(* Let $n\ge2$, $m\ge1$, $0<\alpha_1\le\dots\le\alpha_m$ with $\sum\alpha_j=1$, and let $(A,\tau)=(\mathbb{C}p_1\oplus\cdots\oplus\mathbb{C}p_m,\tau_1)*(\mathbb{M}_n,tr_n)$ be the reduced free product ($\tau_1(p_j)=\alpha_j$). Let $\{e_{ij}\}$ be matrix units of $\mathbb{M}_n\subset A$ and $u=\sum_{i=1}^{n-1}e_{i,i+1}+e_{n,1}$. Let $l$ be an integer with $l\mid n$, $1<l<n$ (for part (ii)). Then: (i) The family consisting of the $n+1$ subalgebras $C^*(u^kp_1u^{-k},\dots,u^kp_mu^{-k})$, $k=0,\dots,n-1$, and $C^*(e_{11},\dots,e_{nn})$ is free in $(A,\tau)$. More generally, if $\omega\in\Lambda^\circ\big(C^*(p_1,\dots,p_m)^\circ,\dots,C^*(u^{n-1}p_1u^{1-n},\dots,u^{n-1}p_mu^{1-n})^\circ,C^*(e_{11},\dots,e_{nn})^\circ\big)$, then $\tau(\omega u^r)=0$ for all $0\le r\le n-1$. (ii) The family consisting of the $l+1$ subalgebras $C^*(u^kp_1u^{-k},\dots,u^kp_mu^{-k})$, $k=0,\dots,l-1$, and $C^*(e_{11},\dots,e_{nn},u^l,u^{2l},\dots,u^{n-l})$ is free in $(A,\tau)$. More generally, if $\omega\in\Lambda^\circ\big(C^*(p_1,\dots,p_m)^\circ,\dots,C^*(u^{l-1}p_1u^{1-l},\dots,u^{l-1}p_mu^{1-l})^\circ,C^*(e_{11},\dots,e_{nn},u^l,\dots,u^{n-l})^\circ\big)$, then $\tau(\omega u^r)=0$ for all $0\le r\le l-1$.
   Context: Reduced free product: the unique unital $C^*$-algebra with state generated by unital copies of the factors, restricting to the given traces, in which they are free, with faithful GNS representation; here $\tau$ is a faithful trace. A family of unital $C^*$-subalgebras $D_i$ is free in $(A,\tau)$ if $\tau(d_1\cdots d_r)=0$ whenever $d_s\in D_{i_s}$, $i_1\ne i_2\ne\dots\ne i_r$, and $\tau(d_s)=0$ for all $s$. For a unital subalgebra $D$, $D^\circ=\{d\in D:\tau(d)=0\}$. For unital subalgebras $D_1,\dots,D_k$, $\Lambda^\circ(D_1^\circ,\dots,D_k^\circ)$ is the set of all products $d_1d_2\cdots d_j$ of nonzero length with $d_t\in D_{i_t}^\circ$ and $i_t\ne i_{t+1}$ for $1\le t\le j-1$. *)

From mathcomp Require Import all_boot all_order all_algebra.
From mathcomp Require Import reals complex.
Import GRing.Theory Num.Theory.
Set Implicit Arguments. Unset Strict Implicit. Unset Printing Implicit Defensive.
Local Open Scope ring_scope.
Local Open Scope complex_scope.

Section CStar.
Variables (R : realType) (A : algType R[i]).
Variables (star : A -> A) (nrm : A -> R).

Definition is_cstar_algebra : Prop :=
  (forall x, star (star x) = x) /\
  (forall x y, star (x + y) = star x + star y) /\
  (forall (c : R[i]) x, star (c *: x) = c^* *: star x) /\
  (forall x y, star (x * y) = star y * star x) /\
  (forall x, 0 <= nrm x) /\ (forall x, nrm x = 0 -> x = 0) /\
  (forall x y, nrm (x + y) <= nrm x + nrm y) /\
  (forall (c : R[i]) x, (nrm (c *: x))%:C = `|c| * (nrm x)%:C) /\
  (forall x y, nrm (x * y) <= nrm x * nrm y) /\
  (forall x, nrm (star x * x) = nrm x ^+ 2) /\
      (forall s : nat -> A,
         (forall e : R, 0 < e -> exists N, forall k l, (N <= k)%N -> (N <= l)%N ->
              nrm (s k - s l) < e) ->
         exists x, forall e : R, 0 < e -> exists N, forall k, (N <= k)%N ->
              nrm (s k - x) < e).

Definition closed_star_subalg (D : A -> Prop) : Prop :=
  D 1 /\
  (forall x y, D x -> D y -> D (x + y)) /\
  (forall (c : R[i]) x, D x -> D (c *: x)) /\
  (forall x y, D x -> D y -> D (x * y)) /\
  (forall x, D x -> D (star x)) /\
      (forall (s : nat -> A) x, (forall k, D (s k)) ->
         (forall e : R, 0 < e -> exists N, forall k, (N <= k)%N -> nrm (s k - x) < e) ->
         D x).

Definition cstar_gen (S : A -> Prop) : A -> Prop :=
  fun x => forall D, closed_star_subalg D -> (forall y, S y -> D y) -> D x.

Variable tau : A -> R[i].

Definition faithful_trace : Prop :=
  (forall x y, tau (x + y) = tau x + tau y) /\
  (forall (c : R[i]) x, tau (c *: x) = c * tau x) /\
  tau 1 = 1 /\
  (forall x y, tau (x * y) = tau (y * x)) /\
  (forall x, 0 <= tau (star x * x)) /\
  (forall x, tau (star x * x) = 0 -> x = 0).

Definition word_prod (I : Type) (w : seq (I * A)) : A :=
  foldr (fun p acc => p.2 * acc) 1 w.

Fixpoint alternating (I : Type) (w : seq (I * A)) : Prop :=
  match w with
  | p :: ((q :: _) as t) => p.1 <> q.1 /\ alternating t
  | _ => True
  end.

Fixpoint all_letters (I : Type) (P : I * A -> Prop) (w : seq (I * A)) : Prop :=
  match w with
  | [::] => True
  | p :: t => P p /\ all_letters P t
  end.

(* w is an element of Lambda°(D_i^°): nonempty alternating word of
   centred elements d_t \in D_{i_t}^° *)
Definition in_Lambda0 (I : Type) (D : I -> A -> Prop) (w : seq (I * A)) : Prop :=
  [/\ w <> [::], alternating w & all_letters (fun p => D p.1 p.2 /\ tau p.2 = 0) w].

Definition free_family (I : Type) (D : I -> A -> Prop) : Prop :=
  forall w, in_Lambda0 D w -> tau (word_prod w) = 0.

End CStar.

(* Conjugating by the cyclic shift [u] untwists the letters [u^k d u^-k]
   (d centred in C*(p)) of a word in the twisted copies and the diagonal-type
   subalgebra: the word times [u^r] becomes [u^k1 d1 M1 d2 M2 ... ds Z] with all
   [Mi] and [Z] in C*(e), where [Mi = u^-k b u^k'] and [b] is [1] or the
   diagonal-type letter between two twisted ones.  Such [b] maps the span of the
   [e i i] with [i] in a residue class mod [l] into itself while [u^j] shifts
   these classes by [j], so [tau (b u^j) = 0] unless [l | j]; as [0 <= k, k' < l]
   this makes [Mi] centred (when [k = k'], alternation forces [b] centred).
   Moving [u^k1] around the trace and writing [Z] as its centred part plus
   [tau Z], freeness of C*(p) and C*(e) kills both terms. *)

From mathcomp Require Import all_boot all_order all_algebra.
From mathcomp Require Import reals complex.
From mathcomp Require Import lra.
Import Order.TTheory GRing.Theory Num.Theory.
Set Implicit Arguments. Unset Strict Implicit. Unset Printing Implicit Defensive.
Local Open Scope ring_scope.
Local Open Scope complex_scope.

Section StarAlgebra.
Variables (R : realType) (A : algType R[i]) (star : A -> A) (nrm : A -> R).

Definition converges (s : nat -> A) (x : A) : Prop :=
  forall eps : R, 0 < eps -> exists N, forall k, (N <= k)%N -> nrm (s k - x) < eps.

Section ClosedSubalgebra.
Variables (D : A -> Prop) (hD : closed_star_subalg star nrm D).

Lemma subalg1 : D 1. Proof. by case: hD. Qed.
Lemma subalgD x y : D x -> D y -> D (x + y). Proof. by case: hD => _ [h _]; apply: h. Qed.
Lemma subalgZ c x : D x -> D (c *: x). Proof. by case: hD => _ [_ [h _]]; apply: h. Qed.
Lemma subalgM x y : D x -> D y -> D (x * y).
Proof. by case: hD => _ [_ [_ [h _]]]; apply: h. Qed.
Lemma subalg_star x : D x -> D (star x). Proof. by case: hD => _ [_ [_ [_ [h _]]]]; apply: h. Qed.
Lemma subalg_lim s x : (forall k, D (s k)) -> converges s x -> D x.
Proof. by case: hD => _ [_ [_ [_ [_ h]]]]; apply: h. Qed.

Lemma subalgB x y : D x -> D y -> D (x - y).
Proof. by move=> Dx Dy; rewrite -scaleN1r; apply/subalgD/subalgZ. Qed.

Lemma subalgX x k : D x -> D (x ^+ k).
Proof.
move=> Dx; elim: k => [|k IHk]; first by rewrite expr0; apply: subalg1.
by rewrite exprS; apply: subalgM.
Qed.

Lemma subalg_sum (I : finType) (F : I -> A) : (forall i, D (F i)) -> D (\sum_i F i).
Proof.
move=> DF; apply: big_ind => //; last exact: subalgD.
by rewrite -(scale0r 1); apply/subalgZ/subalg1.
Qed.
- - - - - - -
▶ What is expected:
Using the records above, copy each line that contains "twisted".

▶ Solution below:
   (d centred in C*(p)) of a word in the twisted copies and the diagonal-type
   diagonal-type letter between two twisted ones.  Such [b] maps the span of the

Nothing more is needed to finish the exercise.